Shaking his head, Mick called out to the barman: “Eh…David (real name: Denis) you can start two pints”.
As the night went on, a few more locals admitted that their everyday lives are dogged by the problem. Hence the solemn agreement to set up a club for local people who are bad at remembering names.
At that first meeting, attendees shared their embarrassment. A neighbour of the chairperson put his hand up.
“Is it yourself?” said the chairperson, spluttering. “The man himself!”
Biting his lip, the audience member spoke. “Look, we’re all here for the one reason. We all struggle to put names to faces. It’s hard. A fella called to our door last night selling tickets for a draw. He knew my first name, but I couldn’t for the life of me think of his. I had to put on an act. I opened the door and exclaimed, in an exaggerated voice: ‘Well if it isn’t the uncrowned king of the parish! I was just saying to the wife that I reckoned you’d be out selling tickets night after night, you’re a fundraiser without equal!’ Sure it turned out to be Martin Murphy, I know him as well as I know meself”.
Just then, the man sitting beside the speaker gave him an elbow and whispered “Martin is over there beside the door, he came in a few minutes ago”.
After an hour of discussion, the chairperson set a date for a new meeting. “Note all the minutes” he whispered to the secretary, who hadn’t a clue what names to put beside the contributions.
On the way out, everyone played safe and said a general ‘goodnight’. There were raised eyebrows when one fella, looking a touch confused and bashful, called everyone by their first name. It transpired he had a couple of drinks on him and had turned up at the wrong meeting by mistake.

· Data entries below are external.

Lemma size_decode_rcons1 m z : size (decode (rcons m (1, z))) = size (decode m) + z.+1.
Proof. by elim: m => [|[x w] m IH]; rewrite ?rcons_cons !size_decode_cons ?IH //; lia. Qed.

Lemma sumn_decode_rcons1 m z :
  sumn (decode (rcons m (1, z))) = sumn (decode m) + (size m).+1 * z.+1.
Proof.
elim: m => [|[x w] m IH]; first by rewrite /= sumn_nseq; lia.
by rewrite rcons_cons !sumn_decode_cons IH size_decode_rcons1 /=; nia.
Qed.

Lemma last_part_rcons m y z : last_part (rcons m (y, z)) = y.
Proof. by rewrite /last_part /unzip1 map_rcons last_rcons. Qed.

Definition set_first_ones (l : code) (v : nat) : code :=
  if l is (x, _) :: r then (x, v) :: r else [::].

Lemma set_first_onesK l : set_first_ones l (first_ones l) = l.
Proof. by case: l => [|[]]. Qed.

Lemma set_first_ones2 l a b : set_first_ones (set_first_ones l a) b = set_first_ones l b.
Proof. by case: l => [|[]]. Qed.

Lemma size_set_first_ones l v : size (set_first_ones l v) = size l.
Proof. by case: l => [|[]]. Qed.

Lemma is_De_code_set_first_ones l v : is_De_code (set_first_ones l v) = is_De_code l.
Proof. by case: l => [|[]]. Qed.

Lemma first_ones_set l v : l != [::] -> first_ones (set_first_ones l v) = v.
Proof. by case: l => [|[]]. Qed.

Lemma first_ones_rcons l t : l != [::] -> first_ones (rcons l t) = first_ones l.
Proof. by case: l => [|[]]. Qed.
Lemma geodesic_between_nonnil P x y : geodesic_between P x y -> P <> [].
Proof. intros gP; eapply walk_between_nonnil, geodesic_between_walk, gP. Qed.

Lemma geodesic_between_le P Q x y :
  geodesic_between P x y -> walk_between Q x y -> (plen P <= plen Q)%nat.
Proof. intros [[_ Hmin] [Px Py]] [HQ [Qx Qy]]; eapply Hmin; eauto. Qed.

Lemma geodesic_between_intro P x y : walk_between P x y ->
  (forall Q, walk_between Q x y -> (plen P <= plen Q)%nat) -> geodesic_between P x y.
Proof.
  intros [HP [Px Py]] Hmin; split; [split; [assumption|] | now split].
  intros x' y' Q Px' Py' HQ Qx' Qy'.
  rewrite <- (pfirst_inj _ _ _ Px Px'), <- (plast_inj _ _ _ Py Py') in *.
  apply Hmin; repeat split; assumption.
Qed.

Lemma geodesic_triangle_ineq P Q R x y z : geodesic_between R x z ->
  walk_between P x y -> walk_between Q y z -> (plen R <= plen P + plen Q)%nat.
Proof.
  intros gR wP wQ; rewrite <- plen_pconcat; eauto using walk_between_nonnil.
  apply (geodesic_between_le _ _ x z); auto; eapply walk_between_pconcat; eauto.
Qed.

Lemma geodesic_between_exists W x y :
  walk_between W x y -> exists G, geodesic_between G x y /\ (plen G <= plen W)%nat.
Proof.
  remember (plen W) as n eqn:Hn; revert W Hn.
  induction n as [n IH] using lt_wf_ind; intros W Hn HW.
  destruct (classic (exists Q, walk_between Q x y /\ (plen Q < plen W)%nat))
    as [[Q [HQ Hlt]] | Hmin].
  - destruct (IH (plen Q) ltac:(lia) Q eq_refl HQ) as [G [HG Hle]].
    exists G; split; [assumption | lia].
  - exists W; split; [|lia]; apply geodesic_between_intro; [assumption|].
    intros Q HQ; apply Nat.nlt_ge; intros Hlt; apply Hmin; eauto.
Qed.
(* The empirical frequency vector of a finite list of independent sets
   lies in the hull: it is the convex combination with weights given by
   the frequency of each set in the list. *)
Lemma indep_hull_average (K : nat) (A : nat -> {set T}) :
  (forall k, independent I (A k)) ->
  in_indep_hull I (fun l => K%:R^-1 * \sum_(k < K) (l \in A k)%:R : R).
Proof.
move=> Aind; case: K => [|K].
  suff -> : (fun l => 0%:R^-1 * \sum_(k < 0) (l \in A k)%:R : R) =
      (fun l => (l \in finset.set0)%:R) by exact: indep_hull_vertex independent_set0.
  by apply: funext => l; rewrite big_ord0 mulr0 inE.
pose W (B : {set T}) : R := K.+1%:R^-1 * \sum_(k < K.+1) (B == A k)%:R.
have sumW g : \sum_B W B * g B = K.+1%:R^-1 * \sum_(k < K.+1) g (A k).
  rewrite (eq_bigr (fun B => K.+1%:R^-1 * \sum_(k < K.+1) g B * (B == A k)%:R)).
    by rewrite -mulr_sumr exchange_big; congr (_ * _); apply: eq_bigr => k _;
      rewrite sum_indicator.
  move=> B _; rewrite /W -mulrA mulr_suml; congr (_ * _).
  by apply: eq_bigr => k _; rewrite mulrC.
exists W; split; [|split; [|split]].
- by move=> B; rewrite mulr_ge0 ?invr_ge0 ?ler0n ?sumr_ge0 // => k _; rewrite ler0n.
- move=> B nB; rewrite /W big1 ?mulr0 // => k _.
  by case: eqP => // BA; move: nB; rewrite BA Aind.
- under eq_bigr do rewrite -[W _]mulr1.
  by rewrite sumW sumr_const card_ord mulVf.
- by move=> l; rewrite sumW.
Qed.
Lemma Xfun_Xsum N t : - sigma <= t -> t < INR N * sigma -> Xfun sigma A0 A1 G t = Xsum N t.
Proof.
  move=> t_ge t_lt; have r_sigma_ge0 (r : nat) : 0 <= INR r * sigma.
    by have := pos_INR r; nra.
  case: (Rle_dec 0 t) => t_sign; last first.
    rewrite Xfun_initial; last lra.
    rewrite /Xsum big1 // => r _; apply/matrixP => i j.
    rewrite !mxE big1 // => a _.
    by rewrite iterated_integral_mxE iterated_integral_nonpos ?mulr0 //; have := r_sigma_ge0 r; lra.
  apply/matrixP => i j; rewrite !mxE summxE; apply: is_RInt_unique.
  apply: (is_RInt_ext (fun s => \sum_(r < N) \sum_(a < d)
            Qm A0 A1 r i a * (trunc_pow r (t - INR r * sigma - s) * Gstar G s a j))).
    move=> s; rewrite Rmin_left // Rmax_right // => -[s_gt s_lt].
    change (0 < s) in s_gt; rewrite (@Zfun_trunc_pow N); try lra.
    rewrite mulmx_suml summxE; apply: eq_bigr => r _.
    rewrite -scalemxAl mxE mxE mulr_sumr; apply: eq_bigr => a _.
    have -> : t - sigma - s - (INR r - 1) * sigma = t - INR r * sigma - s by ring.
    by rewrite mulrCA.
  apply: is_RInt_sum => r; rewrite mxE; apply: is_RInt_sum => a.
  rewrite iterated_integral_mxE; apply: is_RInt_scal.
  by apply: is_RInt_trunc_pow (Gstar_cont a j) _ _ _ t_sign _; have := r_sigma_ge0 r; lra.
Qed.

Lemma is_derive_Xsum N t i j : 0 < t ->
  is_derive (fun y => Xsum N.+1 y i j) t
    ((\sum_(r < N) Qm A0 A1 r.+1
        *m iterated_integral_mx (Gstar G) r (t - sigma - INR r * sigma) + Gstar G t)%R i j).
Proof.
  move=> t_gt.
  have Xsum_entry y : Xsum N.+1 y i j
      = iterated_integral (fun s => Gstar G s i j) 0 y
        + \sum_(r < N) \sum_(a < d) Qm A0 A1 r.+1 i a
            * iterated_integral (fun s => Gstar G s a j) r.+1 (y - INR r.+1 * sigma).
    rewrite /Xsum big_ord_recl mxE summxE; congr (_ + _).
      by rewrite /= mul1mx mxE Rmult_0_l Rminus_0_r.
    apply: eq_bigr => r _; rewrite mxE; apply: eq_bigr => a _.
    by rewrite iterated_integral_mxE.
  apply: (is_derive_ext _ _ _ _ (fun y => esym (Xsum_entry y))).
  rewrite mxE summxE addrC; apply: is_derive_plus.
    exact: is_derive_iterated_integral_0 (Gstar_cont i j) _ t_gt.
  apply: is_derive_sum => r; rewrite mxE; apply: is_derive_sum => a.
  rewrite iterated_integral_mxE; apply: is_derive_scal; apply: is_derive_shift.
  rewrite (_ : t - INR r.+1 * sigma = t - sigma - INR r * sigma); last by rewrite S_INR; ring.
  exact: is_derive_iterated_integral_S.
Qed.

Hypothesis A1_Gstar : forall s, A1 *m Gstar G s = Gstar G s *m A1.

Lemma iterated_integral_mx_comm r c :
  A1 *m iterated_integral_mx (Gstar G) r c = iterated_integral_mx (Gstar G) r c *m A1.
Proof.
  apply/matrixP => i j; rewrite !mxE.
  under eq_bigr => a _ do rewrite iterated_integral_mxE.
  under [RHS]eq_bigr => a _ do rewrite iterated_integral_mxE mulrC.
  rewrite -!iterated_integral_sum => [|a x|a x]; try exact: Gstar_cont.
  apply: iterated_integral_ext => s.
  have := congr1 (fun M : 'M_d => M i j) (A1_Gstar s); rewrite !mxE => ->.
  by apply: eq_bigr => a _; rewrite mulrC.
Qed.

Lemma Xsum_recurrence N t :
  \sum_(r < N) Qm A0 A1 r.+1 *m iterated_integral_mx (Gstar G) r (t - sigma - INR r * sigma)
  = (A0 *m Xsum N (t - sigma) + Xsum N (t - sigma) *m A1)%R.
Proof.
  rewrite /Xsum mulmx_sumr mulmx_suml -big_split; apply: eq_bigr => r _ /=.
  by rewrite mulmxDl -(mulmxA (Qm A0 A1 r) A1) iterated_integral_mx_comm !mulmxA.
Qed.

End DelaySolution.

Local Close Scope R_scope.
Local Close Scope ring_scope.

Theorem theorem6 (d : nat) (sigma : R) (A0 A1 : 'M[R]_d) (G : R -> 'M[R]_d) :
  (0 < d)%N ->
  (0 < sigma)%R ->
  (* G is continuous on [0, +oo) *)
  (forall (t : R) (i j : 'I_d), (0 <= t)%R ->
     filterlim (fun s => G s i j) (within (fun s => 0 <= s)%R (locally t))
               (locally (G t i j))) ->
  (* A1 commutes with G on [0, +oo) *)
  (forall t : R, (0 <= t)%R -> (A1 *m G t = G t *m A1)%R) ->
  let X := Xfun sigma A0 A1 G in
  (* the differential equation for t > 0 (two-sided derivative) *)
  (forall (t : R) (i j : 'I_d), (0 < t)%R ->
     is_derive (fun s => X s i j) t
       ((A0 *m X (t - sigma)%R + X (t - sigma)%R *m A1 + G t)%R i j)) /\
  (* at t = 0 (endpoint of [0,+oo)): right derivative *)
  (forall i j : 'I_d,
     filterlim (fun h => ((X h i j - X 0%R i j) / h)%R) (at_right 0%R)
       (locally ((A0 *m X (- sigma)%R + X (- sigma)%R *m A1 + G 0%R)%R i j))) /\
  (* initial condition *)
  (forall t : R, (- sigma <= t <= 0)%R -> X t = 0%R).
Proof.
  Local Open Scope R_scope.
  move=> _ /RltP; rewrite -R0E => sigma_gt G_cont G_comm X.
  have Gs_cont := continuous_Gstar G G_cont.
  have Gs_comm := Gstar_comm A1 G G_comm.
  have X_Xsum := Xfun_Xsum sigma A0 A1 sigma_gt G Gs_cont.
  split; [|split].
  - move=> t i j /RltP t_gt.
    have [_ t_lt] := Zidx_bounds _ _ sigma_gt (ltac:(lra) : - sigma <= t).
    set N := Zidx sigma t in t_lt.
    apply: (is_derive_ext_loc (fun y => Xsum sigma A0 A1 G N.+1 y i j)).
      apply: (locally_interval _ t (- sigma) (INR N * sigma + sigma)) => /= [||y y_gt y_lt].
      + lra.
      + lra.
      + by rewrite /X (X_Xsum N.+1); [| lra | rewrite S_INR; lra].
    rewrite /X (X_Xsum N (t - sigma)); try lra.
    rewrite -Xsum_recurrence // -(Gstar_nonneg G t (Rlt_le _ _ t_gt)).
    exact: is_derive_Xsum.
  - move=> i j; rewrite /X (Xfun_initial sigma A0 A1 G (- sigma)); last lra.
    rewrite mulmx0 mul0mx !add0r -(Gstar_nonneg G 0 (Rle_refl 0)).
    apply: (filterlim_diff_quotient_at_right_0 (fun h => Xfun sigma A0 A1 G h i j)
              (RInt (fun s => Gstar G s i j) 0) _ sigma sigma_gt).
      move=> h [h_ge h_lt]; rewrite (X_Xsum 1%N); try (rewrite /=; lra).
      by rewrite /Xsum big_ord1 mul1mx iterated_integral_mxE /= Rmult_0_l Rminus_0_r Rmax_left.
    exact: is_derive_RInt_continuous (Gs_cont i j) 0.
  - by move=> t /andP[/RleP t_ge /RleP t_le]; apply: Xfun_initial.
Qed.
Lemma L1G_bigmin n (x0 : Om -> R) (F : 'I_n -> Om -> R) : L1G PP (fun w => (x0 w)%:E) ->
  (forall k, L1G PP (fun w => (F k w)%:E)) ->
  L1G PP (fun w => (\big[Num.min/x0 w]_(k < n) F k w)%:E).
Proof.
elim: n F => [|n IH] F x0L1G FL1G; first by under eq_fun do rewrite big_ord0.
under eq_fun do rewrite big_ord_recl.
apply: (@L1G_op2 Num.min).
- exact: minr_lipschitz.
- by move=> f g mf mg; exact: measurable_minr.
- exact: FL1G.
- by apply: IH => // k; exact: FL1G.
Qed.

Local Close Scope ereal_scope.

Variable tau : Om -> R.
Hypothesis htau : star_stopping_time PP tau.

Lemma measurable_star_stopping_time : measurable_fun setT tau.
Proof.
have [tau0 tauI] := htau.
apply: (measurability (@RGenCInfty.G R)) => [|/= _ [_] [x] -> <-].
  exact: RGenCInfty.measurableE.
rewrite setTI; have -> : tau @^-1` `[x, +oo[%classic = [set w | x <= tau w].
  by apply/seteqP; split => w /=; rewrite in_itv /= andbT.
have [x0|x0] := lerP 0 x; last first.
  rewrite (_ : [set w | x <= tau w] = setT); first exact: measurableT.
  by apply/seteqP; split => // w _ /=; rewrite (le_trans (ltW x0)).
apply: (Ft_sub_measurable (t := x)); have [[mI _] _] := tauI x x0.
rewrite (_ : [set w | x <= tau w] =
  (fun w => ((if x <= tau w then 1 else 0)%:E : \bar R)) @^-1` [set 1%:E]).
  by apply: mI; rewrite -image_set1; apply: measurable_image_EFin; exact: measurable_set1.
apply/seteqP; split => w /=; first by move=> ->.
by case: ifP => // _ /eqP; rewrite eqe eq_sym oner_eq0.
Qed.

Lemma bL1_min_star_stopping_time T : 0 <= T -> bL1 PP (fun w => (Num.min (tau w) T)%:E).
Proof.
move=> T0; have [tau0 _] := htau.
have mmin : measurable_fun setT (fun w => Num.min (tau w) T).
  by apply: measurable_minr; [exact: measurable_star_stopping_time | exact: measurable_cst].
split; first exact/measurable_EFinP.
apply: (@le_lt_trans _ _ T%:E); last exact: ltry.
apply: ge_ereal_sup => _ [P PPP <-].
apply: (@le_trans _ _ (\int[P]_w (cst T%:E w))%E).
  apply: ge0_le_integral => //.
    by apply: measurableT_comp; [exact: abse_measurable | exact/measurable_EFinP].
  move=> w _; rewrite lee_fin ger0_norm ?ge_min ?lexx ?orbT //.
  by rewrite le_min tau0 T0.
rewrite integral_cst // -[leRHS]mule1; apply: lee_wpmul2l; first by rewrite lee_fin.
exact: probability_le1.
Qed.

Lemma star_stopping_time_indicator_approx : exists Y : R -> nat -> Om -> \bar R,
  forall t, 0 <= t -> (forall m, L1G PP (Y t m)) /\
    qs PP (decr_to (Y t) (fun w => (if t <= tau w then 1 else 0)%:E)).
Proof.
pose indicator t w := ((if t <= tau w then 1 else 0)%:E : \bar R).
suff /choice[Y hY] : forall t, exists Yt : nat -> Om -> \bar R, 0 <= t ->
    (forall m, L1G PP (Yt m)) /\ qs PP (decr_to Yt (indicator t)) by exists Y.
move=> t; have [t0|_] := boolP (0 <= t); last by exists (fun _ _ => 0%E).
have [_ [Yt [YtL1G Ytdecr]]] := htau.2 t t0.
by exists Yt => _; split => // m; exact: L1G_t_L1G (YtL1G m).
Qed.

Lemma L1Gstar_min_star_stopping_time T : 0 < T ->
  L1Gstar PP (fun w => (Num.min (tau w) T)%:E).
Proof.
move=> T0; split; first exact/bL1_min_star_stopping_time/ltW.
have [Y hY] := star_stopping_time_indicator_approx.
have grid0 n k : 0 <= grid T n k by rewrite mulr_ge0 // divr_ge0 // ltW.
have stairL1G n m : L1G PP (fun w => (stair_approx T (fun t m => Y t m w) n m)%:E).
  apply: L1G_sum => k; apply: L1G_scale; apply: L1G_clamp.
  exact: (hY _ (grid0 _ _)).1.
exists (fun N w => (diag_min (stair_approx T (fun t m => Y t m w)) N)%:E).
split=> [N|]; first exact: L1G_bigmin.
apply: qs_mono (qs_forall_nat (fun n => qs_forall_nat (fun k => (hY _ (grid0 n k)).2))).
move=> w Yw; have [Wdec Wcvg] := diag_min_stair_approx_cvg (y := fun t m => Y t m w)
  (htau.1 w) T0 (fun n k => conj ((nonincreasing_seqP _).1 (Yw n k).1) (Yw n k).2).
split => [N|]; first by rewrite lee_fin; exact: Wdec.
by apply: cvg_EFin; [exact: nearW | exact: Wcvg].
Qed.

End UpperExpectation.

Lemma represents_nonempty (R : realType) (d : nat) (PP : set (probability (Omega R d) R))
  (E : (Omega R d -> R) -> R) : represents PP E -> PP !=set0.
Proof.
move=> PPE; apply: contrapT => PP0; move: (PPE _ (@cylB_cst R d 0)).
set S := ereal_sup _ => SE.
have : S = -oo%E by apply/ereal_sup_ninfty => x [P PPP _]; case: PP0; exists P.
by rewrite SE.
Qed.

Theorem proposition3p24 (R : realType) (d : nat)
  (G : 'M[R]_d -> R) (E : (Omega R d -> R) -> R)
  (PP : set (probability (Omega R d) R))
  (hG : monotone_sublinear G) (hE : is_G_expectation G E)
  (hPPc : weakly_compact PP) (hPPr : represents PP E)
  (tau : Omega R d -> R) (htau : star_stopping_time PP tau) :
  (forall T : R, 0 < T -> L1Gstar PP (fun w => (Num.min (tau w) T)%:E)) /\
  L1Gstarstar PP (fun w => (tau w)%:E).
Proof.
have PP0 := represents_nonempty hPPr.
have tau_min_L1Gstar := L1Gstar_min_star_stopping_time PP0 htau.
split; first exact: tau_min_L1Gstar.
split; first by apply/measurable_EFinP; exact: measurable_star_stopping_time htau.
exists (fun n w => (Num.min (tau w) n.+1%:R)%:E); split => [n|].
  exact: tau_min_L1Gstar.
apply: qs_everywhere => // w; split => [n|].
  by rewrite lee_fin le_min2 // ler_nat.
by apply: cvg_EFin; [exact: nearW | exact: min_natr_cvg].
Qed.
(* Let $\mathbb{R}_1=\{x\in\mathbb{R}: x\ge 1\}$, $\mathbb{N}_1=\{1,2,3,\dots\}$, and let $U:\mathbb{R}_1\to\mathbb{R}_1$ be defined by \[ U(x)=\begin{cases} \dfrac{x}{2} & \text{if } \lfloor x\rfloor \text{ is even},\\[4pt] \dfrac{3x+1}{2} & \text{if } \lfloor x\rfloor \text{ is odd}.\end{cases}\] If $x\in\mathbb{R}_1$ and $k\in\mathbb{N}_1$ satisfy $U^k(x)=x$, then $x\in\mathbb{N}_1$. Equivalently, the only $U$-cycles are the $T$-cycles, where $T=U|_{\mathbb{N}_1}$ is the integer $3n+1$ function $T(n)=n/2$ for even $n$, $T(n)=(3n+1)/2$ for odd $n$.
   Context: $\lfloor x\rfloor$ denotes the largest integer $\le x$. For a function $f:X\to X$, $f^0$ is the identity and $f^i=f\circ f^{i-1}$. An $f$-cycle is the trajectory $(f^i(z))_{i\ge 0}$ of a point $z$ with $f^n(z)=z$ for some $n\ge 1$. Note that $U$ restricted to $\mathbb{N}_1$ coincides with $T$. *)

From Stdlib Require Import Reals ZArith.
Open Scope R_scope.

(* floor x = Int_part x (= up x - 1), the largest integer <= x. *)
Definition U (x : R) : R :=
  if Z.even (Int_part x) then x / 2 else (3 * x + 1) / 2.

Fixpoint iter_R (k : nat) (f : R -> R) (x : R) : R :=
  match k with O => x | S k' => f (iter_R k' f x) end.

From Stdlib Require Import Reals ZArith Lra Lia.
Open Scope R_scope.

(* Let c = {x}/x. The region {y > 0 | {y} <= c y} is U-invariant: an even
   step halves both y and (at most) its fractional part, and an odd step
   multiplies {y} by at most 3/2 while multiplying y by more than 3/2.
   The odd step is therefore strict when c > 0, and strictness persists.
   A cycle through a non-integer x must contain an odd step (otherwise
   U^k x = x / 2^k), giving {x} < c x = {x}. *)

Definition frac (y : R) : R := y - IZR (Int_part y).

Lemma frac_bounds (y : R) : 0 <= frac y < 1.
Proof. unfold frac; destruct (base_Int_part y); lra. Qed.

Lemma frac_le_sub_int (y : R) (w : Z) : IZR w <= y -> frac y <= y - IZR w.
Proof.
  intros Hw; unfold frac; destruct (base_Int_part y) as [Hlo Hhi].
  assert (Hlt : (w < Int_part y + 1)%Z).
  { apply lt_IZR; rewrite plus_IZR; simpl; lra. }
  assert (IZR w <= IZR (Int_part y)) by (apply IZR_le; lia).
  lra.
Qed.

Lemma frac_half_even (y : R) :
  Z.even (Int_part y) = true -> frac (y / 2) <= frac y / 2.
Proof.
  intros Heven; apply Z.even_spec in Heven as [q Hq].
  destruct (base_Int_part y) as [Hlo _].
  rewrite Hq, mult_IZR in Hlo.
  assert (Hq2 : IZR q <= y / 2) by (simpl in Hlo; lra).
  pose proof (frac_le_sub_int (y / 2) q Hq2).
  unfold frac at 2; rewrite Hq, mult_IZR; simpl; lra.
Qed.

Lemma frac_odd_step (y : R) :
  Z.even (Int_part y) = false -> frac ((3 * y + 1) / 2) <= 3 * frac y / 2.
Proof.
  intros Hodd.
  assert (Hodd' : Z.odd (Int_part y) = true)
    by (rewrite <- Z.negb_even, Hodd; reflexivity).
  apply Z.odd_spec in Hodd' as [q Hq].
  destruct (base_Int_part y) as [Hlo _].
  rewrite Hq, plus_IZR, mult_IZR in Hlo.
  assert (Hq3 : IZR (3 * q + 2) <= (3 * y + 1) / 2)
    by (rewrite plus_IZR, mult_IZR; simpl in *; lra).
  pose proof (frac_le_sub_int _ _ Hq3).
  unfold frac at 2; rewrite Hq.
  rewrite !plus_IZR, !mult_IZR in *; simpl in *; lra.
Qed.

Lemma U_pos (y : R) : 0 < y -> 0 < U y.
Proof. unfold U; destruct (Z.even (Int_part y)); lra. Qed.

Lemma iter_U_pos (x : R) (i : nat) : 0 < x -> 0 < iter_R i U x.
Proof. intros Hx; induction i; simpl; [lra | now apply U_pos]. Qed.

Section FracRatio.

Variable c : R.
Hypothesis c_ge0 : 0 <= c.

Lemma frac_le_U (y : R) : 0 < y -> frac y <= c * y -> frac (U y) <= c * U y.
Proof.
  intros Hy Hle; pose proof (frac_bounds y).
  unfold U; destruct (Z.even (Int_part y)) eqn:E.
  - pose proof (frac_half_even y E); lra.
  - pose proof (frac_odd_step y E); nra.
Qed.

Lemma frac_lt_U (y : R) : 0 < y -> frac y < c * y -> frac (U y) < c * U y.
Proof.
  intros Hy Hlt.
  unfold U; destruct (Z.even (Int_part y)) eqn:E.
  - pose proof (frac_half_even y E); lra.
  - pose proof (frac_odd_step y E); nra.
Qed.

Lemma frac_lt_U_odd (y : R) : 0 < c -> 0 < y -> frac y <= c * y ->
  Z.even (Int_part y) = false -> frac (U y) < c * U y.
Proof.
  intros Hc Hy Hle E; unfold U; rewrite E.
  pose proof (frac_odd_step y E); nra.
Qed.

Lemma iter_U_frac_le (x : R) (i : nat) :
  0 < x -> frac x <= c * x -> frac (iter_R i U x) <= c * iter_R i U x.
Proof.
  intros Hx Hle; induction i as [|i IH]; simpl; [exact Hle|].
  exact (frac_le_U _ (iter_U_pos x i Hx) IH).
Qed.

Lemma iter_U_halving_or_frac_lt (x : R) (i : nat) :
  0 < c -> 0 < x -> frac x <= c * x ->
  iter_R i U x * 2 ^ i = x \/ frac (iter_R i U x) < c * iter_R i U x.
Proof.
  intros Hc Hx Hle; induction i as [|i [Hhalf | Hlt]]; simpl.
  - left; lra.
  - pose proof (iter_U_pos x i Hx) as Hpos.
    destruct (Z.even (Int_part (iter_R i U x))) eqn:E.
    + left; unfold U at 1; rewrite E.
      transitivity (iter_R i U x * 2 ^ i); [field | exact Hhalf].
    + right; exact (frac_lt_U_odd _ Hc Hpos (iter_U_frac_le x i Hx Hle) E).
  - right; exact (frac_lt_U _ (iter_U_pos x i Hx) Hlt).
Qed.

End FracRatio.

Lemma U_periodic_frac0 (x : R) (k : nat) :
  0 < x -> (1 <= k)%nat -> iter_R k U x = x -> frac x = 0.
Proof.
  intros Hx Hk Hcyc; pose proof (frac_bounds x) as [Hf0 _].
  destruct (Rle_lt_or_eq_dec 0 (frac x) Hf0) as [Hpos | Hzero]; [|auto].
  exfalso; set (c := frac x / x).
  assert (Hc : 0 < c) by (apply Rdiv_lt_0_compat; lra).
  assert (Hcx : c * x = frac x) by (unfold c; field; lra).
  assert (H2k : 2 <= 2 ^ k).
  { destruct k as [|k]; [lia|]; simpl.
    pose proof (pow_R1_Rle 2 k ltac:(lra)); lra. }
  destruct (iter_U_halving_or_frac_lt c (Rlt_le _ _ Hc) x k Hc Hx
              (Req_le _ _ (eq_sym Hcx))) as [Hhalf | Hlt];
    rewrite Hcyc in *; nra.
Qed.

Lemma frac0_nat (x : R) :
  1 <= x -> frac x = 0 -> exists n : nat, (1 <= n)%nat /\ x = INR n.
Proof.
  intros Hx Hz; unfold frac in Hz.
  assert (Hge : (1 <= Int_part x)%Z) by (apply le_IZR; simpl; lra).
  exists (Z.to_nat (Int_part x)); split; [lia|].
  rewrite INR_IZR_INZ, Z2Nat.id by lia; lra.
Qed.

Theorem theorem1 (x : R) (k : nat) :
  1 <= x -> (1 <= k)%nat -> iter_R k U x = x ->
  exists n : nat, (1 <= n)%nat /\ x = INR n.
Proof.
  intros Hx Hk Hcyc.
  apply frac0_nat; [exact Hx|].
  exact (U_periodic_frac0 x k ltac:(lra) Hk Hcyc).
Qed.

To spare his embarrassment, he shall remain nameless.
A super performance
Today’s trip to Croke Park turned out to be more enjoyable than most of us were expecting! Roscommon played superbly against Dublin, this opening All-Ireland Senior Football Championship group game ending in a draw. You can read my take on it all on pages 38 and 39.
Tic Tac generation
Each to their own: On this glorious, warm day, three schoolboys cross the pedestrian crossing in front of me in descending order (relative to their height). The two bigger boys have huge ice cream cones, reflecting the scorching hot day. The third, smaller boy, happily follows… clasping one of those small ‘tic tac’ boxes of mints!